**EXCERPTED DATA**:
(* Let $(\mathcal G,\mathcal F)$ be a $B_n$-generalized almost pseudo-Hermitian structure on an odd exact Courant algebroid $E$ over a manifold $M$ of dimension $n$, let $U:=\ker\mathcal F$ and let $u_0\in\Gamma(U)$ satisfy $\langle u_0,u_0\rangle=(-1)^n$. Then: (i) $\mathcal G^{\mathrm{end}}(u_0)=(-1)^nu_0$; i.e. $u_0$ is a section of $E_+$ if $n$ is even and of $E_-$ if $n$ is odd; (ii) for all $u,v\in E$, $\mathcal G(\mathcal Fu,\mathcal Fv)=\mathcal G(u,v)-\langle u,u_0\rangle\langle v,u_0\rangle$ and $\mathcal G(\mathcal Fu,v)=-\mathcal G(u,\mathcal Fv)$, where $\mathcal G(u,v):=\langle\mathcal G^{\mathrm{end}}u,v\rangle$.
   Context: An odd exact Courant algebroid over an $n$-manifold $M$ is a Courant algebroid (vector bundle $E$ with nondegenerate symmetric scalar product $\langle\cdot,\cdot\rangle$, Dorfman bracket and anchor $\pi:E\to TM$) isomorphic to $TM\oplus T^*M\oplus\mathbb R$ with scalar product $\langle X+\xi+\lambda,Y+\eta+\mu\rangle=\tfrac12(\eta(X)+\xi(Y))+\lambda\mu$, anchor the projection and Dorfman bracket $[X+\xi+\lambda,Y+\eta+\mu]=\mathcal L_XY+\mathcal L_X\eta-i_Yd\xi+2\mu\,d\lambda+i_Xi_YH-2(\mu\,i_XF-\lambda\,i_YF)+X(\mu)-Y(\lambda)+F(X,Y)$ for some closed $2$-form $F$ and $3$-form $H$ with $dH=-F\wedge F$. A generalized metric is a rank $n$ subbundle $E_-\subset E$ on which $\langle\cdot,\cdot\rangle$ is nondegenerate and with $\pi|_{E_-}$ an isomorphism onto $TM$; $E_+:=E_-^\perp$, $\mathcal G^{\mathrm{end}}=\pm\mathrm{Id}$ on $E_\pm$. A $B_n$-generalized almost complex structure is an endomorphism $\mathcal F$ whose $i$-eigenbundle $L\subset E\otimes\mathbb C$ is isotropic of rank $n$ with $L\cap\bar L=0$, whose $-i$-eigenbundle is $\bar L$ and which vanishes on the rank-one bundle $(L\oplus\bar L)^\perp$. A $B_n$-generalized almost pseudo-Hermitian structure is such a pair $(\mathcal G,\mathcal F)$ with $\mathcal G^{\mathrm{end}}\mathcal F=\mathcal F\mathcal G^{\mathrm{end}}$. *)

(* pointwise (fibrewise) linear algebra over a real closed field R *)
From HB Require Import structures.
From mathcomp Require Import all_boot all_order all_algebra.
From mathcomp Require Import complex.
Set Implicit Arguments. Unset Strict Implicit. Unset Printing Implicit Defensive.
Import Order.TTheory GRing.Theory Num.Theory.
Local Open Scope ring_scope.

**WORK INSTRUCTION**: Every line above that holds the word "algebroid" should be copied out.

**TASK RESULT**:
(* Let $(\mathcal G,\mathcal F)$ be a $B_n$-generalized almost pseudo-Hermitian structure on an odd exact Courant algebroid $E$ over a manifold $M$ of dimension $n$, let $U:=\ker\mathcal F$ and let $u_0\in\Gamma(U)$ satisfy $\langle u_0,u_0\rangle=(-1)^n$. Then: (i) $\mathcal G^{\mathrm{end}}(u_0)=(-1)^nu_0$; i.e. $u_0$ is a section of $E_+$ if $n$ is even and of $E_-$ if $n$ is odd; (ii) for all $u,v\in E$, $\mathcal G(\mathcal Fu,\mathcal Fv)=\mathcal G(u,v)-\langle u,u_0\rangle\langle v,u_0\rangle$ and $\mathcal G(\mathcal Fu,v)=-\mathcal G(u,\mathcal Fv)$, where $\mathcal G(u,v):=\langle\mathcal G^{\mathrm{end}}u,v\rangle$.
   Context: An odd exact Courant algebroid over an $n$-manifold $M$ is a Courant algebroid (vector bundle $E$ with nondegenerate symmetric scalar product $\langle\cdot,\cdot\rangle$, Dorfman bracket and anchor $\pi:E\to TM$) isomorphic to $TM\oplus T^*M\oplus\mathbb R$ with scalar product $\langle X+\xi+\lambda,Y+\eta+\mu\rangle=\tfrac12(\eta(X)+\xi(Y))+\lambda\mu$, anchor the projection and Dorfman bracket $[X+\xi+\lambda,Y+\eta+\mu]=\mathcal L_XY+\mathcal L_X\eta-i_Yd\xi+2\mu\,d\lambda+i_Xi_YH-2(\mu\,i_XF-\lambda\,i_YF)+X(\mu)-Y(\lambda)+F(X,Y)$ for some closed $2$-form $F$ and $3$-form $H$ with $dH=-F\wedge F$. A generalized metric is a rank $n$ subbundle $E_-\subset E$ on which $\langle\cdot,\cdot\rangle$ is nondegenerate and with $\pi|_{E_-}$ an isomorphism onto $TM$; $E_+:=E_-^\perp$, $\mathcal G^{\mathrm{end}}=\pm\mathrm{Id}$ on $E_\pm$. A $B_n$-generalized almost complex structure is an endomorphism $\mathcal F$ whose $i$-eigenbundle $L\subset E\otimes\mathbb C$ is isotropic of rank $n$ with $L\cap\bar L=0$, whose $-i$-eigenbundle is $\bar L$ and which vanishes on the rank-one bundle $(L\oplus\bar L)^\perp$. A $B_n$-generalized almost pseudo-Hermitian structure is such a pair $(\mathcal G,\mathcal F)$ with $\mathcal G^{\mathrm{end}}\mathcal F=\mathcal F\mathcal G^{\mathrm{end}}$. *)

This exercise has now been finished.